------ Listed entries ------

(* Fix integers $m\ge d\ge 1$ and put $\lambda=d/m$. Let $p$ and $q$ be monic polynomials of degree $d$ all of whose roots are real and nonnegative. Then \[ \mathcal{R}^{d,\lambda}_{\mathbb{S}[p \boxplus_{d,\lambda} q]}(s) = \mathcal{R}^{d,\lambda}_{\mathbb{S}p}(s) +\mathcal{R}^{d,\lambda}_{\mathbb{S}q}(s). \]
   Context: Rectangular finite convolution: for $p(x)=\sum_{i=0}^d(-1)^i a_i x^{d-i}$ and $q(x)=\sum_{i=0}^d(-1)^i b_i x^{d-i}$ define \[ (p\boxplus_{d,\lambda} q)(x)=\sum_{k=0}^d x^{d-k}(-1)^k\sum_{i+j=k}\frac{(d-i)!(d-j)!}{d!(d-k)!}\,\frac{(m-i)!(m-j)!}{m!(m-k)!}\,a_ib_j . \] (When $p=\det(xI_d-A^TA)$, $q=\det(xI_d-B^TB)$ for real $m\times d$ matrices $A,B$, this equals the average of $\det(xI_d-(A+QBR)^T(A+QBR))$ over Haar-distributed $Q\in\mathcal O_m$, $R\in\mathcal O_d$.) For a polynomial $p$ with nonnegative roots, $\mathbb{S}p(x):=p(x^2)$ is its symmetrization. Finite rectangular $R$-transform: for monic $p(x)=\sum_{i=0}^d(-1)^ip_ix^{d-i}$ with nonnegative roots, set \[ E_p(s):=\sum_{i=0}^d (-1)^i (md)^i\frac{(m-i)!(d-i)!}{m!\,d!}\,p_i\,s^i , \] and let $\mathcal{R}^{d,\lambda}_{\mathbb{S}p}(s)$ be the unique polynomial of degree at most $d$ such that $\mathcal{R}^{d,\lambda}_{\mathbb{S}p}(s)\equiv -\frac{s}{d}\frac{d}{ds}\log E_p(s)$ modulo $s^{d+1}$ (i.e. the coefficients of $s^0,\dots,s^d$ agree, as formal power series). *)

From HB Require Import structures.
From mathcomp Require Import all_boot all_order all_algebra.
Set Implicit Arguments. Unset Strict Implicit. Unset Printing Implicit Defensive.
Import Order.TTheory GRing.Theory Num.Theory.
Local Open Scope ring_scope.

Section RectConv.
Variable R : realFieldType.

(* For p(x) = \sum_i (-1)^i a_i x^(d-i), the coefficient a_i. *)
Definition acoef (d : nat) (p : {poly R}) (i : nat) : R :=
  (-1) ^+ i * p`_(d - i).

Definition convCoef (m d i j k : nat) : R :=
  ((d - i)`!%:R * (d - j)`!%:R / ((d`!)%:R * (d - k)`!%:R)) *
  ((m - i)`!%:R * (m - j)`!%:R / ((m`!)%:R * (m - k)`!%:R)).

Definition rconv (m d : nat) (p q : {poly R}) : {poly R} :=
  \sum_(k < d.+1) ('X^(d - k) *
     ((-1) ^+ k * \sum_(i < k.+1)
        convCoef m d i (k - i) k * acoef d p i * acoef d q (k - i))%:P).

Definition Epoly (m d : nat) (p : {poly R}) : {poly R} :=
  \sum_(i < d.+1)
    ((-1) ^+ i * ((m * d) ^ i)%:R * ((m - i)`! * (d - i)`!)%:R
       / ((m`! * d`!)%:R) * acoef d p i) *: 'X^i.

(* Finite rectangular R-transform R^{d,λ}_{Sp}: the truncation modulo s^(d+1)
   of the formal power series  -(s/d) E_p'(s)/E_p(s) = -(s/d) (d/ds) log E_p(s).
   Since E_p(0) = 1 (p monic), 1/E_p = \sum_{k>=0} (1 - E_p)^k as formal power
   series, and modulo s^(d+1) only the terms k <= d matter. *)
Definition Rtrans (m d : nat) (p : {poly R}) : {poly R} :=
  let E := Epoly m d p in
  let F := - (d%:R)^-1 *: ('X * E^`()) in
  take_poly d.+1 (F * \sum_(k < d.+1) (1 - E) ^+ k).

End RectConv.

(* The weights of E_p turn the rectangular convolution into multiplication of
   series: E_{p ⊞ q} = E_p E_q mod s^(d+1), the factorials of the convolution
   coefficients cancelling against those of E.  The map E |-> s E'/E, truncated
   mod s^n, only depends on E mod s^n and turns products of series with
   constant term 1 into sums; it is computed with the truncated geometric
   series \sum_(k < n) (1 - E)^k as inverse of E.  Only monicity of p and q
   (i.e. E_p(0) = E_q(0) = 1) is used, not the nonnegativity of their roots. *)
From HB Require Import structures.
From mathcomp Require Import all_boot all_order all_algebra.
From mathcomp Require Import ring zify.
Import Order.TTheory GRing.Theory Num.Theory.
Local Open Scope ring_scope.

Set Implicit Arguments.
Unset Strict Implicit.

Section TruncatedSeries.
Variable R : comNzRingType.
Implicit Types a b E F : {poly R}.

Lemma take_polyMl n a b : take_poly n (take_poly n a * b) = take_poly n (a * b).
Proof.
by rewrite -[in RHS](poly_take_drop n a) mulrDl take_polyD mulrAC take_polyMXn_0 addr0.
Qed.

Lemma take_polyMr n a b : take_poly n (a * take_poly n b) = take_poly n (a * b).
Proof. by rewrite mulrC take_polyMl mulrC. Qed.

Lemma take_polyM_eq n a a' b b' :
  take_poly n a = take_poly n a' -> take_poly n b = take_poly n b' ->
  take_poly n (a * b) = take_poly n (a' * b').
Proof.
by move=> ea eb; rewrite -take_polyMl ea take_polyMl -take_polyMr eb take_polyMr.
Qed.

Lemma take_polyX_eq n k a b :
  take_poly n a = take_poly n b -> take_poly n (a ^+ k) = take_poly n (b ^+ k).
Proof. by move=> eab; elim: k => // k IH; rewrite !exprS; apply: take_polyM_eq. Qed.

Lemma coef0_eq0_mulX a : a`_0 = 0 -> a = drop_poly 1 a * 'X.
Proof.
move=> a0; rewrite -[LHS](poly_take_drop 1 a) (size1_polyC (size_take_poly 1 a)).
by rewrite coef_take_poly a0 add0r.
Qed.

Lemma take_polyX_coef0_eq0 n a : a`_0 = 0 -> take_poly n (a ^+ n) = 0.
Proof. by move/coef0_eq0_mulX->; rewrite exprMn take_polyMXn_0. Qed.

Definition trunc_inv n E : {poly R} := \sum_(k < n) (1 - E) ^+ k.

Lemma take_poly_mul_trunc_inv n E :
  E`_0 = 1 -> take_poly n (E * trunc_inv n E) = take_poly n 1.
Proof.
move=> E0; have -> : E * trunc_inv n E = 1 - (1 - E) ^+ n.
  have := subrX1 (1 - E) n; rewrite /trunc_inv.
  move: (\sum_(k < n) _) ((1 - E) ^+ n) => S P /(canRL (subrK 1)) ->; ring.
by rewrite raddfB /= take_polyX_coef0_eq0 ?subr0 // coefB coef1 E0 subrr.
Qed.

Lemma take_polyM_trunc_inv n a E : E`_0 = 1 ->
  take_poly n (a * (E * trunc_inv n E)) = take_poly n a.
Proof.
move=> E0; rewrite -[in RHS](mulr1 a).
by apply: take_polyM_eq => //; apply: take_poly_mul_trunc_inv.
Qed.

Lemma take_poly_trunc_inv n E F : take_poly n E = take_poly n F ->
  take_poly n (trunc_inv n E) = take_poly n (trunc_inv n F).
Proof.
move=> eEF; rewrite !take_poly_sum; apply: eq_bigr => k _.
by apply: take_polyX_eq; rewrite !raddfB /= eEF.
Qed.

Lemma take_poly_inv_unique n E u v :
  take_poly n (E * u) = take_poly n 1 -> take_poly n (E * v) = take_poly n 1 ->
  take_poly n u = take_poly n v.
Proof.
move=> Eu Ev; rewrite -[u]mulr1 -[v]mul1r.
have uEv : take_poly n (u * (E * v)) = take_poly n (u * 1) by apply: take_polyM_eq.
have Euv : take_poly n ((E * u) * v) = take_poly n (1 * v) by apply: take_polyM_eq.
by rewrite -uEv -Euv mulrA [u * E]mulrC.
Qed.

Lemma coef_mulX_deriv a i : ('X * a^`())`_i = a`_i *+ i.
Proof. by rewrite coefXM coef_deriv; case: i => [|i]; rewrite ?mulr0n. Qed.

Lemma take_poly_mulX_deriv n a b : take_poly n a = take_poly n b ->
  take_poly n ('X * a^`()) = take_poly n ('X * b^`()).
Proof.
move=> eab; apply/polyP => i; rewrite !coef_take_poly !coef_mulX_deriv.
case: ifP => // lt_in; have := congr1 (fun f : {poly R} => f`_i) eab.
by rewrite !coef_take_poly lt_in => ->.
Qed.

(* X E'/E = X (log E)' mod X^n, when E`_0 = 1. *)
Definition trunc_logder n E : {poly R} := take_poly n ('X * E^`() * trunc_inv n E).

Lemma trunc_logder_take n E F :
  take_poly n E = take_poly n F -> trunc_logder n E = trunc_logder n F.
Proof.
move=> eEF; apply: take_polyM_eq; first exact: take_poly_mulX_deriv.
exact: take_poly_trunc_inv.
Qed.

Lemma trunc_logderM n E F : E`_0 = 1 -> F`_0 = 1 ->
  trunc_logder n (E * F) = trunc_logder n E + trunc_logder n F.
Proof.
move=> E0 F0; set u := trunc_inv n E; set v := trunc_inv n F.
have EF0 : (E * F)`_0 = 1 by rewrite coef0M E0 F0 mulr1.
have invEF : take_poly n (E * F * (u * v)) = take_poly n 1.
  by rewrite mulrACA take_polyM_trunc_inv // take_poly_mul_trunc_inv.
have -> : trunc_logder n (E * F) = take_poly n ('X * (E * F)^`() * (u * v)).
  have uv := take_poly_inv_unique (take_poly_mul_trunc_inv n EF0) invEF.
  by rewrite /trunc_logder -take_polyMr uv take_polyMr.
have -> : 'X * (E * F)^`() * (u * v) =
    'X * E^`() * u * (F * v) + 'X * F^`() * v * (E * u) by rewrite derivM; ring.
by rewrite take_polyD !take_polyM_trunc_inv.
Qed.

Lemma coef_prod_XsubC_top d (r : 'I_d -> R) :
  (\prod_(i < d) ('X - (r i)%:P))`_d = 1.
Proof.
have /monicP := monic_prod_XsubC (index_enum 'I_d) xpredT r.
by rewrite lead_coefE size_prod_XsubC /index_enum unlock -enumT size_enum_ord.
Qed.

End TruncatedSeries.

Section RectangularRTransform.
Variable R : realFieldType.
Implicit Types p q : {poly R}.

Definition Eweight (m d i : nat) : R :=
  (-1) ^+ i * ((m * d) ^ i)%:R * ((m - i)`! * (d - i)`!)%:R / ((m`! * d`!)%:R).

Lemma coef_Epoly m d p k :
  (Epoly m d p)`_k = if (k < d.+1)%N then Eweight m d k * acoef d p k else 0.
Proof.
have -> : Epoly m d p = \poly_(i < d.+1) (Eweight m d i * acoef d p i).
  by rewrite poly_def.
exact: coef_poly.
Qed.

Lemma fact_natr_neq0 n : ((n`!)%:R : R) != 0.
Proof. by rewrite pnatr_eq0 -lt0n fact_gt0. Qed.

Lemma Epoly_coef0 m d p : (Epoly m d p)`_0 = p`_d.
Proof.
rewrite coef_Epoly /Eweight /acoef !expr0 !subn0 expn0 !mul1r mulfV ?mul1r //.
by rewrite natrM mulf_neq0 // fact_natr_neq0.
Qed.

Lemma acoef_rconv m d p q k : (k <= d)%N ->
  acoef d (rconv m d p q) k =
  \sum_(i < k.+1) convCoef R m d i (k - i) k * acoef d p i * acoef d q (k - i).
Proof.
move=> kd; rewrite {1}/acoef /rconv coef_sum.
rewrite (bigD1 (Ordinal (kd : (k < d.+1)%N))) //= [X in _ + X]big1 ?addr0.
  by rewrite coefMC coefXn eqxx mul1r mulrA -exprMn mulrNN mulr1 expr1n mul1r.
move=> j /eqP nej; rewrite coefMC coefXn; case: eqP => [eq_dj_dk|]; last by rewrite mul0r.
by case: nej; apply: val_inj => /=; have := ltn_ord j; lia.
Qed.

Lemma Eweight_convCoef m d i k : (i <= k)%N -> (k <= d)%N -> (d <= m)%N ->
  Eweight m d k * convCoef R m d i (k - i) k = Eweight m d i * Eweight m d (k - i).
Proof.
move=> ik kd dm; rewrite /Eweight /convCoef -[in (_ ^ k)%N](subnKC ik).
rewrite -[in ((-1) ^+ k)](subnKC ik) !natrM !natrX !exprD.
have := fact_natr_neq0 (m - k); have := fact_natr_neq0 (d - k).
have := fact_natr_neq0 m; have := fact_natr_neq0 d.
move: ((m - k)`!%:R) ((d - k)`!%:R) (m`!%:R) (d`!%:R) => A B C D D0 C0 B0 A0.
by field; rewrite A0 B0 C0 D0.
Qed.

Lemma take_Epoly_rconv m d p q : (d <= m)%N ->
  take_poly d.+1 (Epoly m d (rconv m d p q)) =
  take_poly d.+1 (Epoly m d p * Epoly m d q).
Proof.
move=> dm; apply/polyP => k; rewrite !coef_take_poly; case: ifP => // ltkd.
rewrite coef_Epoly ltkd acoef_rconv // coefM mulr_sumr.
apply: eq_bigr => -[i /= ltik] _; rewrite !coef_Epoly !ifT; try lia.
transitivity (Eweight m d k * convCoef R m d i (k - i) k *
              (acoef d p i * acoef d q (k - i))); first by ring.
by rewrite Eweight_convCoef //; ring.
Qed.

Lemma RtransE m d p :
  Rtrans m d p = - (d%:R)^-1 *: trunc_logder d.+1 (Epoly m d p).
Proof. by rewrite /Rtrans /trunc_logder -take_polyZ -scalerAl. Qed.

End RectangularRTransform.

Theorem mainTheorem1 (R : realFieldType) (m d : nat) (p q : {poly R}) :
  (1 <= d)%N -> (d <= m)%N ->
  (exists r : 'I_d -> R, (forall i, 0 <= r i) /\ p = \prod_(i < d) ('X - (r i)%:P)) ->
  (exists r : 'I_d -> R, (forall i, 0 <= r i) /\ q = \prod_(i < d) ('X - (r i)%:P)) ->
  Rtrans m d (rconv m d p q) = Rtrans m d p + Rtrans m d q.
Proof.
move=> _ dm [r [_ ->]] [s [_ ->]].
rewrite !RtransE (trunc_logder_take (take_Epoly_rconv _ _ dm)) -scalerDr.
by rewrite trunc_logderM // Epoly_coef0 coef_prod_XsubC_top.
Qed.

------
------ Listed entries ------

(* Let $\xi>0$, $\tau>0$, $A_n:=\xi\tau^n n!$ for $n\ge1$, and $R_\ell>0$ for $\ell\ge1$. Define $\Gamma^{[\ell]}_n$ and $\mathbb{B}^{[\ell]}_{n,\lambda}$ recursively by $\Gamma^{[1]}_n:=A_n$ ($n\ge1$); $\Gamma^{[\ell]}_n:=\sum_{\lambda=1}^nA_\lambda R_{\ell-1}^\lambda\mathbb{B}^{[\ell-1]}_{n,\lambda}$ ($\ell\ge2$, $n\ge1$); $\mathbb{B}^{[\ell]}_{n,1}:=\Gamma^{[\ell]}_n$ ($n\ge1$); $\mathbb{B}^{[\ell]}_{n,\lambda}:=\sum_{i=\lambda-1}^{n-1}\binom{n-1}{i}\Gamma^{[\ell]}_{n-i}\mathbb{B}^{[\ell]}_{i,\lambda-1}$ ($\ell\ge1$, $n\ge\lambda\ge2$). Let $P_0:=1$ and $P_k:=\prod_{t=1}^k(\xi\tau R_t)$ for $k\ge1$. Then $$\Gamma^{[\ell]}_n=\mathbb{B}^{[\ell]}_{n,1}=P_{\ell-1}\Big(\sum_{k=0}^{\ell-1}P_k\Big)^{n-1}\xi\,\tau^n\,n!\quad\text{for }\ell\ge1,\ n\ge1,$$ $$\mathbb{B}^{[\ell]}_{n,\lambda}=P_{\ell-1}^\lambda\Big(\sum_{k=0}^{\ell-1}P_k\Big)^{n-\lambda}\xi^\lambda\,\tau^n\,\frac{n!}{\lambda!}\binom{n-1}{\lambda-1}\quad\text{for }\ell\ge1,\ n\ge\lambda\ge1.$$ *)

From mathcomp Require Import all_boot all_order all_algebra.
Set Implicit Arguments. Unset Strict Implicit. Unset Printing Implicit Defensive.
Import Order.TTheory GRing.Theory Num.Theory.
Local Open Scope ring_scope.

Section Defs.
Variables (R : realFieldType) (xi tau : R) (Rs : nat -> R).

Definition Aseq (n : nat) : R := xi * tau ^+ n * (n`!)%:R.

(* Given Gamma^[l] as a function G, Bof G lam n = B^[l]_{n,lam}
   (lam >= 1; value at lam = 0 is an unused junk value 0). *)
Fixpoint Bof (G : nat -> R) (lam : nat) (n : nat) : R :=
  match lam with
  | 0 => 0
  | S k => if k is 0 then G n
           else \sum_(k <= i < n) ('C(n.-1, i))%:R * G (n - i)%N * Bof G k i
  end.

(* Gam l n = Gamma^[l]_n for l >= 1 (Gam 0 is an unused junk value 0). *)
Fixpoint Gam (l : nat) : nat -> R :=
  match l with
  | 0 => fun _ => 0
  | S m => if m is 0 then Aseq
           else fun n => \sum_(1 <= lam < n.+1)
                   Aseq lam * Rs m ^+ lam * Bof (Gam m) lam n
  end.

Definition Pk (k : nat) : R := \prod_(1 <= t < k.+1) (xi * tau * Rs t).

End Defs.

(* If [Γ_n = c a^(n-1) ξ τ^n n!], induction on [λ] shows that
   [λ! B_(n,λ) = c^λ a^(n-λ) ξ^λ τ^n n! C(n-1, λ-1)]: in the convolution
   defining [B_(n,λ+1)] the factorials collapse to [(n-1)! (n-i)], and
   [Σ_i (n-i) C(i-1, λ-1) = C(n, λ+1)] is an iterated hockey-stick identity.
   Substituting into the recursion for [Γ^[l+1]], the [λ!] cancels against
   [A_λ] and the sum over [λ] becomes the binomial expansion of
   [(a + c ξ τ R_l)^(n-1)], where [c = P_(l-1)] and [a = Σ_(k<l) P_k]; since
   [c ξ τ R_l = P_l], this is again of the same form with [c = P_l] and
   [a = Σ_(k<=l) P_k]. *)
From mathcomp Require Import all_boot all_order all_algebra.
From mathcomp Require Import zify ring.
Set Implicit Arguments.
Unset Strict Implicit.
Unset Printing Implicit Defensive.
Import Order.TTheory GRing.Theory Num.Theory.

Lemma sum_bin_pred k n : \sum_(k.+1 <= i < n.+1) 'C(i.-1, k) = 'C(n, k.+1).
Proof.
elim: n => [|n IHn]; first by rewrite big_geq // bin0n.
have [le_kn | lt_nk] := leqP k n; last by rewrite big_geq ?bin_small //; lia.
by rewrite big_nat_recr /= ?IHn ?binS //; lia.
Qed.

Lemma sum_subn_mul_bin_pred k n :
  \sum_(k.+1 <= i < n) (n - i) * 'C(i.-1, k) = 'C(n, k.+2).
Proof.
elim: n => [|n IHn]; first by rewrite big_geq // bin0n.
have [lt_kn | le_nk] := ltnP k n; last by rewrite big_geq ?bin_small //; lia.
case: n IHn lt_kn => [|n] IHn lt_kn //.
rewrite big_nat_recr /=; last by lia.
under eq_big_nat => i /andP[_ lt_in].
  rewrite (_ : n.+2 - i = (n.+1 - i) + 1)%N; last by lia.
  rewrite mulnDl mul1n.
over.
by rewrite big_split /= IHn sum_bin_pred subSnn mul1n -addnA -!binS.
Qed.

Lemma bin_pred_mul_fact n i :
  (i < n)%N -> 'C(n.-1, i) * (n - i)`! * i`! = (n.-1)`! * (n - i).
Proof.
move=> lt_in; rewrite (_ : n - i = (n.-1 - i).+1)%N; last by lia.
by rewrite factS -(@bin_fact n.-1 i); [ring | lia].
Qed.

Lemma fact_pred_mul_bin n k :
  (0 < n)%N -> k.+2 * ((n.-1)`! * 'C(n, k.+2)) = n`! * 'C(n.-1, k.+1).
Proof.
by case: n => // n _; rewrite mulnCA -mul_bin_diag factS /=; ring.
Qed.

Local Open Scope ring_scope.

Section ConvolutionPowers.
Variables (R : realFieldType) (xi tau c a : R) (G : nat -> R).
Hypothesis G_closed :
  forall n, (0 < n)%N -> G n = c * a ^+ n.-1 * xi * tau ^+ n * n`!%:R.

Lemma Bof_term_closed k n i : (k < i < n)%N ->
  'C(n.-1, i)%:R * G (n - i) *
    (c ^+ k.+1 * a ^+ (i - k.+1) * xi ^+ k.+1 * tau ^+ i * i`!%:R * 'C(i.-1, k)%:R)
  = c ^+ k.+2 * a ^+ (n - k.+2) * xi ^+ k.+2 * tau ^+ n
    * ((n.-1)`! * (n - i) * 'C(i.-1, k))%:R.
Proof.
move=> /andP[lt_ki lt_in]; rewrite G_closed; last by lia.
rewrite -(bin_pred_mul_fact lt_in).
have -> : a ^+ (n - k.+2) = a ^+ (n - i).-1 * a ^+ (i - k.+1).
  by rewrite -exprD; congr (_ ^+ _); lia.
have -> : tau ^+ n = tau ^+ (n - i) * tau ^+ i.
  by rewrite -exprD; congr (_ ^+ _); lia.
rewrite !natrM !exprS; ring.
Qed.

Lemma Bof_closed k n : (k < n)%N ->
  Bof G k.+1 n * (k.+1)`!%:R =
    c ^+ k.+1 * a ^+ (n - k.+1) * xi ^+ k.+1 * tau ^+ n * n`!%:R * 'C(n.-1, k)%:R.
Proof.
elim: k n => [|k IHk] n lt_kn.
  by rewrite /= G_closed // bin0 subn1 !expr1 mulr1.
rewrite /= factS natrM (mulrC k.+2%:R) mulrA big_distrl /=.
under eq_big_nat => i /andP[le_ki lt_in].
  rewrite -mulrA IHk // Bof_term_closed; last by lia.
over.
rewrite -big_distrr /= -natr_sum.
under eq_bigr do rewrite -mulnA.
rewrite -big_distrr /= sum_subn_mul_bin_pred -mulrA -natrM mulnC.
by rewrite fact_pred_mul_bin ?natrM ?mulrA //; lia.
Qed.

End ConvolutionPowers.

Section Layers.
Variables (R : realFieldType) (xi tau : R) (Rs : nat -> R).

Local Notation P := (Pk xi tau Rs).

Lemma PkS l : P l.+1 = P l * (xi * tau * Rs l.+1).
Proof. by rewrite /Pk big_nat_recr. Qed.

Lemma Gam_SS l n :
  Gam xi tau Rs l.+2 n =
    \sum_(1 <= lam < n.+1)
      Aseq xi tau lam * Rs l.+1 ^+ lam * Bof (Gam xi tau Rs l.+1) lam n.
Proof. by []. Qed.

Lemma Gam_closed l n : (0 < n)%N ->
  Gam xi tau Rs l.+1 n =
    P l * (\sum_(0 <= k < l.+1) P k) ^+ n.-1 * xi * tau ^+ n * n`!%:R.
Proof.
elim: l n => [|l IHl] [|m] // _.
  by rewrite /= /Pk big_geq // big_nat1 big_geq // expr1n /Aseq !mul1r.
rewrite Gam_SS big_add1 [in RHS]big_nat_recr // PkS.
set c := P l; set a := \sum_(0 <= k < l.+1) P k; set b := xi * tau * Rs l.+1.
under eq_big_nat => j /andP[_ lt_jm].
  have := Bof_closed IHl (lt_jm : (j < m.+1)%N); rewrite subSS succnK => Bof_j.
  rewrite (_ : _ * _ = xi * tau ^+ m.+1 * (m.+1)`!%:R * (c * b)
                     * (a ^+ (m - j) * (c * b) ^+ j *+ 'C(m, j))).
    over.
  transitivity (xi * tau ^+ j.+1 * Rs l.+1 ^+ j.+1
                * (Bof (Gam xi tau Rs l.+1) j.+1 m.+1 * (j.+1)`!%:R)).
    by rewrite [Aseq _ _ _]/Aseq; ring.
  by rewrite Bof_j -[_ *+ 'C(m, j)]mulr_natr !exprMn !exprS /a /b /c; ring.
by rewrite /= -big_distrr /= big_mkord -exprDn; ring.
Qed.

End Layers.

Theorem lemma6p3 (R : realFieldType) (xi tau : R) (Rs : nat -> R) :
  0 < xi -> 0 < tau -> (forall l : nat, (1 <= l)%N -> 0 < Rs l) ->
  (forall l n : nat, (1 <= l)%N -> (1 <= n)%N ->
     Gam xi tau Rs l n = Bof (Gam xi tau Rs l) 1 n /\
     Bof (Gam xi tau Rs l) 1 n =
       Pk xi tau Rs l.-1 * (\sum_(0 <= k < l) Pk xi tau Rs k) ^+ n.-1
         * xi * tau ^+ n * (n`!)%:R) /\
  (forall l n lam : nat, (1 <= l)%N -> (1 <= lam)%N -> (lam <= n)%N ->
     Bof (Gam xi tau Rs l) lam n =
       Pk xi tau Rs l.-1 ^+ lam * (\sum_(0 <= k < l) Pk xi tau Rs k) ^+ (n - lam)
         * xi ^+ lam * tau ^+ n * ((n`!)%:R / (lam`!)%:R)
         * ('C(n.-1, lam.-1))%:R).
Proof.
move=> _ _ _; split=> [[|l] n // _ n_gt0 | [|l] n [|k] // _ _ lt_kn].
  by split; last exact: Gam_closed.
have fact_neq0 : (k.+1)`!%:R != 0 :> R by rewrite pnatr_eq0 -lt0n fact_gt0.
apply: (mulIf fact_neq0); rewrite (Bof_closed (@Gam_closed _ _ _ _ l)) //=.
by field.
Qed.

------
------ Listed entries ------

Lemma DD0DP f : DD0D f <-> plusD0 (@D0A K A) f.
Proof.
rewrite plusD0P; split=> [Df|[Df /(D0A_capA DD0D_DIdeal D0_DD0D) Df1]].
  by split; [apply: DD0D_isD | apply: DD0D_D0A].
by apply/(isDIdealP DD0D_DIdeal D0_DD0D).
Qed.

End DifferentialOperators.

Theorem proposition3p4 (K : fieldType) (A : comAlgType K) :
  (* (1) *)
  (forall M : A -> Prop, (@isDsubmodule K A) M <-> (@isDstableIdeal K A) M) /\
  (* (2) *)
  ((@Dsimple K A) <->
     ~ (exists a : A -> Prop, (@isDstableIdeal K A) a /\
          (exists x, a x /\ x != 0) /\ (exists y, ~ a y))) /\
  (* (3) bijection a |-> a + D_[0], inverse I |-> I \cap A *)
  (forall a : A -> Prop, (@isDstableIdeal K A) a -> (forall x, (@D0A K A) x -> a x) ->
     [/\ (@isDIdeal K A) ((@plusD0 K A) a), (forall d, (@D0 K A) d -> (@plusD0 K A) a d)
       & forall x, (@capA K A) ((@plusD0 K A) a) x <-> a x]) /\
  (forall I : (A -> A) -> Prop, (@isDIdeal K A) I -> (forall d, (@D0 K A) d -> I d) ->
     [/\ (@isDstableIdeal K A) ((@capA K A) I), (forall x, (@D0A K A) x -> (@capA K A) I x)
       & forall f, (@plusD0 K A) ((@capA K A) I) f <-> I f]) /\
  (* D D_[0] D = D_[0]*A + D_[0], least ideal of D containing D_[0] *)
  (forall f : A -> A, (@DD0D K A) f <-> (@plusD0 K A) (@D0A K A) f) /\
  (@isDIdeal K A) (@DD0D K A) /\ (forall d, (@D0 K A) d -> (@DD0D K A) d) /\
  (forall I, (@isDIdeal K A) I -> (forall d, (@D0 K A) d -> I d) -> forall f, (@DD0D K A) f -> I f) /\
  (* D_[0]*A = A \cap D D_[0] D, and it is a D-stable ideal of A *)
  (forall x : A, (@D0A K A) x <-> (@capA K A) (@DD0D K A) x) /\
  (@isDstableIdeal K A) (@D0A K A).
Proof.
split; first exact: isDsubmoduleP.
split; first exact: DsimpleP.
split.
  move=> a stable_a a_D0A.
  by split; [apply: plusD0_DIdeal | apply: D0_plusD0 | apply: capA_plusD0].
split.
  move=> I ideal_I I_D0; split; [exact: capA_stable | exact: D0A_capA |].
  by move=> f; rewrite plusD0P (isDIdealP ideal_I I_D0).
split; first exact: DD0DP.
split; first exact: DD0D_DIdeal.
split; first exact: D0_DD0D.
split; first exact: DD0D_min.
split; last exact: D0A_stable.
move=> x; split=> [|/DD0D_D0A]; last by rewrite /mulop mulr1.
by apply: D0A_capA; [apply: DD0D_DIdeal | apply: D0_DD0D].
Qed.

------

From the records above, reproduce exactly the lines from the one with "d.+1) ('X^(d - k) *" to the one with "of the formal", both included, and no others.

Response to this exercise =
  \sum_(k < d.+1) ('X^(d - k) *
     ((-1) ^+ k * \sum_(i < k.+1)
        convCoef m d i (k - i) k * acoef d p i * acoef d q (k - i))%:P).

Definition Epoly (m d : nat) (p : {poly R}) : {poly R} :=
  \sum_(i < d.+1)
    ((-1) ^+ i * ((m * d) ^ i)%:R * ((m - i)`! * (d - i)`!)%:R
       / ((m`! * d`!)%:R) * acoef d p i) *: 'X^i.

(* Finite rectangular R-transform R^{d,λ}_{Sp}: the truncation modulo s^(d+1)
   of the formal power series  -(s/d) E_p'(s)/E_p(s) = -(s/d) (d/ds) log E_p(s).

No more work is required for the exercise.